*Record extracts*
Lemma nbrs_sig_perm :
  Permutation (map (@proj1_sig _ _) (nbrs A (exist P x hx))) (nbrs adj x).
Proof.
  destruct (nbr_list_nbrs adj x (Hlf x)) as [Hnd Hin].
  destruct nbr_list_sig as [HndA HinA].
  apply NoDup_Permutation; [apply Injective_map_NoDup; [exact proj1_sig_inj | exact HndA] | exact Hnd |].
  intros v; rewrite <- Hin; split.
  - intros Hv; apply in_map_iff in Hv as [b [<- Hb]]; apply HA, HinA, Hb.
  - intros Hv; apply in_map_iff; exists (exist P v (HN v Hv)); split; [reflexivity |].
    apply HinA, HA, Hv.
Qed.

Lemma deg_sig : deg A (exist P x hx) = deg adj x.
Proof. unfold deg; rewrite <- (Permutation_length nbrs_sig_perm), length_map; reflexivity. Qed.

Lemma sumR_nbrs_sig (g : V -> R) :
  sumR (nbrs A (exist P x hx)) (fun b => g (proj1_sig b)) = sumR (nbrs adj x) g.
Proof. rewrite <- (sumR_perm _ _ _ nbrs_sig_perm), sumR_map; reflexivity. Qed.

End Neighbourhood.

Variables (x y : V) (hx : P x) (hy : P y).
Hypotheses (HNx : forall v, adj x v -> P v) (HNy : forall v, adj y v -> P v).
Hypotheses (HAx : forall b, A (exist P x hx) b <-> adj x (proj1_sig b))
           (HAy : forall b, A (exist P y hy) b <-> adj y (proj1_sig b)).
Hypothesis Hdist : forall a b, adj x (proj1_sig a) -> adj y (proj1_sig b) ->
  Defs.dist A a b = Defs.dist adj (proj1_sig a) (proj1_sig b).

Lemma transport_cost_sig (pi : V -> V -> R) :
  transport_cost A (exist P x hx) (exist P y hy) (fun a b => pi (proj1_sig a) (proj1_sig b))
  = transport_cost adj x y pi.
Proof.
  unfold transport_cost.
  rewrite <- (sumR_nbrs_sig x hx HNx HAx); apply sumR_ext_in; intros a Ha.
  rewrite <- (sumR_nbrs_sig y hy HNy HAy); apply sumR_ext_in; intros b Hb.
  rewrite Hdist; [reflexivity | |].
  - apply HAx, (nbr_list_sig x hx HNx HAx), Ha.
  - apply HAy, (nbr_list_sig y hy HNy HAy), Hb.
Qed.

Lemma coupling_restrict (pi : V -> V -> R) :
  coupling adj x y pi ->
  coupling A (exist P x hx) (exist P y hy) (fun a b => pi (proj1_sig a) (proj1_sig b)).
Proof.
  intros (H0 & Hz & Hrow & Hcol); split; [|split; [|split]].
  - intros; apply H0.
  - intros a b Hn; apply Hz; intros [h1 h2]; apply Hn; split; [apply HAx | apply HAy]; assumption.
  - intros a Ha; rewrite (sumR_nbrs_sig y hy HNy HAy (pi (proj1_sig a))), deg_sig by assumption.
    apply Hrow, HAx, Ha.
  - intros b Hb; rewrite (sumR_nbrs_sig x hx HNx HAx (fun u => pi u (proj1_sig b))), deg_sig
      by assumption.
    apply Hcol, HAy, Hb.
Qed.

Lemma coupling_extend (pi : {v | P v} -> {v | P v} -> R) :
  coupling A (exist P x hx) (exist P y hy) pi -> coupling adj x y (sig_extend pi).
Proof.
  intros (H0 & Hz & Hrow & Hcol); split; [|split; [|split]].
  - exact (sig_extend_ge0 pi H0).
  - intros u w Hn; unfold sig_extend.
    destruct (excluded_middle_informative (P u)), (excluded_middle_informative (P w));
      try reflexivity.
    apply Hz; intros [h1 h2]; apply Hn; split; [apply HAx in h1 | apply HAy in h2]; assumption.
  - intros u Hu; set (a := exist P u (HNx u Hu)).
    rewrite <- (sumR_nbrs_sig y hy HNy HAy), <- (deg_sig x hx HNx HAx).
    change u with (proj1_sig a); rewrite <- (Hrow a) by (apply HAx, Hu).
    apply sumR_ext_in; intros b _; apply sig_extend_sig.
  - intros w Hw; set (b := exist P w (HNy w Hw)).
    rewrite <- (sumR_nbrs_sig x hx HNx HAx (fun u => sig_extend pi u w)),
      <- (deg_sig y hy HNy HAy).
    change w with (proj1_sig b); rewrite <- (Hcol b) by (apply HAy, Hw).
    apply sumR_ext_in; intros a _; apply sig_extend_sig.
Qed.

Lemma W1_sig : W1 adj x y = W1 A (exist P x hx) (exist P y hy).
Proof.
  unfold W1; f_equal; apply Glb_Rbar_eqset; intros c; split.
  - intros [pi [Hpi ->]]; eexists; split; [apply coupling_restrict, Hpi |].
    symmetry; apply transport_cost_sig.
  - intros [pi [Hpi ->]]; exists (sig_extend pi); split; [apply coupling_extend, Hpi |].
    rewrite <- transport_cost_sig; unfold transport_cost.
    apply sumR_ext_in; intros a _; apply sumR_ext_in; intros b _.
    rewrite sig_extend_sig; reflexivity.
Qed.
Section NoSignalling.
Variable C : numClosedFieldType.

Lemma adjmx_proj n b (S : 'M[C]_n) :
  b^* = b -> adjmx S = S -> adjmx (proj b S) = proj b S.
Proof.
move=> b_real hS; rewrite /proj adjmxZ adjmxD adjmx1 adjmxZ b_real hS.
by rewrite fmorphV rmorph_nat.
Qed.

Lemma psd_luders n b (S X : 'M[C]_n) :
  b^* = b -> adjmx S = S -> psd X -> psd (proj b S *m X *m proj b S).
Proof. by move=> b_real hS; rewrite -{1}(adjmx_proj b_real hS); apply: psd_conj. Qed.

Lemma state_psd_mix n (rho X : 'M[C]_n) :
  state rho -> psd X -> exists2 k : C, k != 0 & state (k *: (rho + X)).
Proof.
move=> [psd_rho tr_rho] psdX; have tr_ge0 := psd_mxtrace_ge0 psdX.
have t_gt0 : 0 < 1 + \tr X by rewrite ltr_wpDr.
exists (1 + \tr X)^-1; first by rewrite invr_eq0 gt_eqF.
split; first by apply: psdZ; [rewrite invr_ge0 ltW | apply: psdD].
by rewrite mxtraceZ mxtraceD tr_rho mulVf // gt_eqF.
Qed.

Lemma linear_eq_on_psd n (V : lmodType C) (F G : {linear 'M[C]_n -> V})
    (rho0 : 'M[C]_n) :
  state rho0 -> (forall rho, state rho -> F rho = G rho) ->
  forall X, psd X -> F X = G X.
Proof.
move=> rho0_state FG X psdX; have [k k_neq0 mix_state] := state_psd_mix rho0_state psdX.
move: (FG _ mix_state); rewrite !linearZ !linearD /= FG //.
by move/(scalerI k_neq0)/addrI.
Qed.

Lemma linear_eq_on_jordan n (V : lmodType C) (F G : {linear 'M[C]_n -> V})
    (S rho : 'M[C]_n) :
  (forall X, psd X -> F X = G X) -> adjmx S = S -> psd rho ->
  F (2^-1 *: (S *m rho + rho *m S)) = G (2^-1 *: (S *m rho + rho *m S)).
Proof.
move=> FG hS psd_rho; have real1 : (1 : C)^* = 1 := rmorph1 _.
have realN1 : (-1 : C)^* = -1 by rewrite rmorphN1.
by rewrite -luders_diff !linearB /= !FG //; apply: psd_luders.
Qed.

Lemma corr_tensmx1 m n (P : {linear 'M[C]_(m * n) -> 'M[C]_(m * n)})
    (T : {linear 'M[C]_m -> 'M[C]_m}) rho S1 (A : 'M[C]_m) :
  (forall X, psd X -> ptr2 (P X) = T (ptr2 X)) -> psd rho -> adjmx S1 = S1 ->
  corr P rho S1 (A *t (1%:M : 'M_n))
  = \tr (A *m T (ptr2 (2^-1 *: (S1 *m rho + rho *m S1)))).
Proof.
move=> ns psd_rho hS1; rewrite corrE mxtrace_tensmx1_mul; congr (\tr (A *m _)).
exact: (linear_eq_on_jordan (F := @ptr2 C m n \o P) (G := T \o @ptr2 C m n)).
Qed.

*Goal of the exercise*
Lines of the material that contain the word "Hrow" are to be gathered.

*Written answer*
  intros (H0 & Hz & Hrow & Hcol); split; [|split; [|split]].
    apply Hrow, HAx, Ha.
  intros (H0 & Hz & Hrow & Hcol); split; [|split; [|split]].
    change u with (proj1_sig a); rewrite <- (Hrow a) by (apply HAx, Hu).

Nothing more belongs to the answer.